# Best way to join two boards lengthwise @ 90 degrees?



## Jaepheth

I'm building a moxon vise, and I need to join two boards together to form the base:










What would the best method be? 
I originally was thinking dovetails, but with the grain running like that would a doweled joint work better?

With the brace screwed in as shown will it matter much?

These are the options I've thought up so far:


----------



## AlaskaGuy

I did a Google search on '' Moxon vice" looks nobody's using any exotic joinery.

http://www.wkfinetools.com/contrib/wMyers/moxonVise/moxonVise-01.asp


----------



## CrazeeTxn

The dovetails would look nice, but like AKGuy just showed, doesn't look like it's too fancy of a joint. Maybe just glue and screw. Got a pocket hole jig?


----------



## TheBoxWhisperer

wood glue and pocket screws hidden in the back would be my vote.


----------



## madts

I would use the wood only option as drawn. Maybe add some screws and plugs.


----------



## Magnum

I've never seen one of these before. *Thanks for the Info "Jae".*

I'd go with "madts" on the this one. Wood Only with Screws & Plugs. I don't THINK you are gaining anything by the more Complex Joinery.

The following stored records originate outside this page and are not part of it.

(* Let $A$ and $\Lambda$ be as in the context. Then every eigenvalue $\lambda$ of the $(n+1)\times(n+1)$ matrix $\Lambda A^T A$ is real and satisfies $0 \le \lambda \le 1$.
   Context: Let $n \le m$ be nonnegative integers. Let $B_0,\dots,B_n$ be real-valued basis functions (e.g. B-spline basis functions, tensor-product B-spline basis functions, or T-spline blending functions) that are nonnegative and form a partition of unity, i.e. $B_i(\mathbf t)\ge 0$ and $\sum_{i=0}^n B_i(\mathbf t)=1$ for every parameter $\mathbf t$. Let $\mathbf t_0,\dots,\mathbf t_m$ be parameter values assigned to data points, and assume that for every $i$ there is some $j$ with $B_i(\mathbf t_j)\neq 0$. Let $A$ be the $(m+1)\times(n+1)$ matrix with entries $A_{ji}=B_i(\mathbf t_j)$ ($j=0,\dots,m$, $i=0,\dots,n$). Let $\Lambda=\mathrm{diag}\big(1/\sum_{j=0}^m B_0(\mathbf t_j),\dots,1/\sum_{j=0}^m B_n(\mathbf t_j)\big)$, a diagonal matrix with positive diagonal entries. *)

From HB Require Import structures.
From mathcomp Require Import all_boot all_order all_algebra.
Set Implicit Arguments. Unset Strict Implicit. Unset Printing Implicit Defensive.
Import Order.TTheory GRing.Theory Num.Theory.
Local Open Scope ring_scope.

Definition collocation (C : numClosedFieldType) (T : Type) (n m : nat)
  (B : 'I_n.+1 -> T -> C) (t : 'I_m.+1 -> T) : 'M[C]_(m.+1, n.+1) :=
  \matrix_(j < m.+1, i < n.+1) B i (t j).

Definition Lambda_mx (C : numClosedFieldType) (T : Type) (n m : nat)
  (B : 'I_n.+1 -> T -> C) (t : 'I_m.+1 -> T) : 'M[C]_n.+1 :=
  diag_mx (\row_(i < n.+1) (\sum_(j < m.+1) B i (t j))^-1).

From HB Require Import structures.
From mathcomp Require Import all_boot all_order all_algebra.
From mathcomp Require Import ring.
Import Order.TTheory GRing.Theory Num.Theory.
Local Open Scope ring_scope.

(* Let v be a left eigenvector of Lambda A^T A, w := v Lambda and u := w A^T,
   and let s_i be the column sums of A, so that v_i = s_i w_i.  As A is real,
   sum_j |u_j|^2 = (u A) w^* = lambda * sum_i s_i |w_i|^2, with the last sum
   positive.  The rows of A are convex weights, so convexity of |.|^2 gives
   |u_j|^2 <= sum_i A_ji |w_i|^2; summing over j, sum_j |u_j|^2 is at most
   sum_i s_i |w_i|^2.  Hence lambda is a ratio of two such sums, in [0, 1]. *)

Lemma sqr_norm_convex_le (C : numClosedFieldType) (I : finType) (a w : I -> C) :
  (forall i, 0 <= a i) -> \sum_i a i = 1 ->
  `|\sum_i a i * w i| ^+ 2 <= \sum_i a i * `|w i| ^+ 2.
Proof.
move=> a_ge0 a_sum1; set u := \sum_i a i * w i.
have conj_u : u^* = \sum_i a i * (w i)^*.
  rewrite rmorph_sum; apply: eq_bigr => i _.
  by rewrite rmorphM /= (conj_Creal (ger0_real (a_ge0 i))).
have def_u : \sum_i a i * w i = u by [].
clearbody u.
have variance : \sum_i a i * `|w i - u| ^+ 2 =
                \sum_i a i * `|w i| ^+ 2 - `|u| ^+ 2.
  transitivity (\sum_i a i * `|w i| ^+ 2 - (\sum_i a i * w i) * u^*
                - u * (\sum_i a i * (w i)^*) + (\sum_i a i) * (u * u^*)).
    rewrite mulr_suml mulr_sumr mulr_suml -!sumrB -big_split /=.
    by apply: eq_bigr => i _; rewrite !normCK rmorphB /=; ring.
  by rewrite def_u -conj_u a_sum1 mul1r normCK; ring.
rewrite -subr_ge0 -variance.
by apply: sumr_ge0 => i _; rewrite mulr_ge0 ?exprn_ge0.
Qed.

Section ColumnNormalizedGram.

Variables (C : numClosedFieldType) (m n : nat) (A : 'M[C]_(m, n)).
Hypothesis A_ge0 : forall j i, 0 <= A j i.

Lemma sqr_norm_mulmx_tr (w : 'rV_n) :
  \sum_j `|(w *m A^T) 0 j| ^+ 2 = \sum_i (w *m A^T *m A) 0 i * (w 0 i)^*.
Proof.
under eq_bigr do rewrite normCK.
under [RHS]eq_bigr do rewrite mxE mulr_suml.
rewrite exchange_big /=; apply: eq_bigr => j _.
rewrite -(eq_bigr _ (fun i _ => mulrA _ _ _)) -mulr_sumr.
congr (_ * _); rewrite mxE rmorph_sum; apply: eq_bigr => i _.
by rewrite !mxE rmorphM /= (conj_Creal (ger0_real (A_ge0 j i))) mulrC.
Qed.

Hypothesis A_rowsum1 : forall j, \sum_i A j i = 1.

Lemma sqr_norm_mulmx_tr_le (w : 'rV_n) :
  \sum_j `|(w *m A^T) 0 j| ^+ 2 <= \sum_i (\sum_j A j i) * `|w 0 i| ^+ 2.
Proof.
under [leRHS]eq_bigr do rewrite mulr_suml.
rewrite exchange_big /=; apply: ler_sum => j _.
have -> : (w *m A^T) 0 j = \sum_i A j i * w 0 i.
  by rewrite mxE; apply: eq_bigr => i _; rewrite mxE mulrC.
exact: sqr_norm_convex_le.
Qed.

Hypothesis A_colsum_neq0 : forall i, \sum_j A j i != 0.

Theorem eigenvalue_colsum_normalized_gram lambda :
  eigenvalue (diag_mx (\row_i (\sum_j A j i)^-1) *m A^T *m A) lambda ->
  lambda \is Num.real /\ 0 <= lambda <= 1.
Proof.
move=> /eigenvalueP [v eig_v v_neq0].
pose s i := \sum_j A j i.
have s_gt0 i : 0 < s i by rewrite lt_def A_colsum_neq0 sumr_ge0.
pose w := v *m diag_mx (\row_i (s i)^-1).
have v_w i : v 0 i = s i * w 0 i.
  by rewrite /w mul_mx_diag !mxE mulrC mulfVK ?lt0r_neq0.
have gram_w : w *m A^T *m A = lambda *: v by rewrite -eig_v /w !mulmxA.
pose P := \sum_j `|(w *m A^T) 0 j| ^+ 2.
pose Q := \sum_i s i * `|w 0 i| ^+ 2.
have energy : P = lambda * Q.
  rewrite /P sqr_norm_mulmx_tr gram_w mulr_sumr; apply: eq_bigr => i _.
  by rewrite mxE v_w normCK; ring.
have Q_gt0 : 0 < Q.
  have /rV0Pn[k v_k] := v_neq0.
  have w_k : w 0 k != 0 by apply: contraNneq v_k; rewrite v_w => ->; rewrite mulr0.
  rewrite /Q (bigD1 k) //= ltr_pwDl ?sumr_ge0 // => [|i _].
    by rewrite mulr_gt0 // exprn_gt0 // normr_gt0.
  by apply: mulr_ge0; [exact: ltW | exact: exprn_ge0].
have lambda_PQ : lambda = P / Q by rewrite energy mulfK ?gt_eqF.
have P_ge0 : 0 <= P by apply: sumr_ge0 => j _; rewrite exprn_ge0.
have lambda_ge0 : 0 <= lambda by rewrite lambda_PQ divr_ge0 // ltW.
split; first exact: ger0_real.
by rewrite lambda_ge0 lambda_PQ ler_pdivrMr // mul1r; apply: sqr_norm_mulmx_tr_le.
Qed.

End ColumnNormalizedGram.

Theorem lemma1 (C : numClosedFieldType) (T : Type) (n m : nat)
  (B : 'I_n.+1 -> T -> C) (t : 'I_m.+1 -> T)
  (hnm : (n <= m)%N)
  (hreal : forall i x, B i x \is Num.real)
  (hnonneg : forall i x, 0 <= B i x)
  (hpu : forall x, \sum_(i < n.+1) B i x = 1)
  (hsupp : forall i, exists j, B i (t j) != 0)
  (lambda : C) :
  eigenvalue (Lambda_mx B t *m (collocation B t)^T *m collocation B t) lambda ->
  lambda \is Num.real /\ 0 <= lambda <= 1.
Proof.
have colsum i : \sum_j collocation B t j i = \sum_j B i (t j).
  by apply: eq_bigr => j _; rewrite mxE.
have -> : Lambda_mx B t =
          diag_mx (\row_i (\sum_j collocation B t j i)^-1).
  by congr diag_mx; apply/rowP => i; rewrite !mxE colsum.
apply: eigenvalue_colsum_normalized_gram => [j i|j|i].
- by rewrite mxE.
- by rewrite -(hpu (t j)); apply: eq_bigr => i _; rewrite mxE.
have [j B_ij] := hsupp i.
rewrite colsum; apply: contraNneq B_ij.
by move=> /(psumr_eq0P (fun k _ => hnonneg i (t k))) ->.
Qed.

But! It's YOUR Vise and if you don't do it the way you think is bet …. You'll Hate Yourself for the Rest Of Your Life!!....LOL…

Rick


----------



## GregInMaryland

Hey Jae,

I would only use the "glue only" option if you go with an L shaped base. I would not use the bevel option at all. I think that is far weaker than any of the other options and is 100% reliant on the holding power of the glue. The other joints all have a mixture of physical joining and glue strength and would serve you well. The question is whether the effort is worth it.

As Rick pointed out, it is your vise and you can make it as simple or complex as you like. Other than the bevel option you illustrated, I don't think that you can go wrong.

When I made mine, I omitted any L shaped base entirely, though I did make mine thicker (1 3/4ths inches). Here is LumberJocks Project link: http://lumberjocks.com/projects/97188. I did glue a brace on the back, but that was more to secure the platform to the Moxon vise. I haven't used it enough to determine whether that was a good decision or not, but so far no problems. Ask me in a few months and I'll have a better answer regarding the suitability of my approach.

Here are some projects that were an inspiration to me and well worth taking a look at:

CL810's Moxon Vise
Andy Bronell's Moxon Vise
Cecil Rogers' Moxon Vise
Lysdexic's Moxon Vise

Good luck

Greg


----------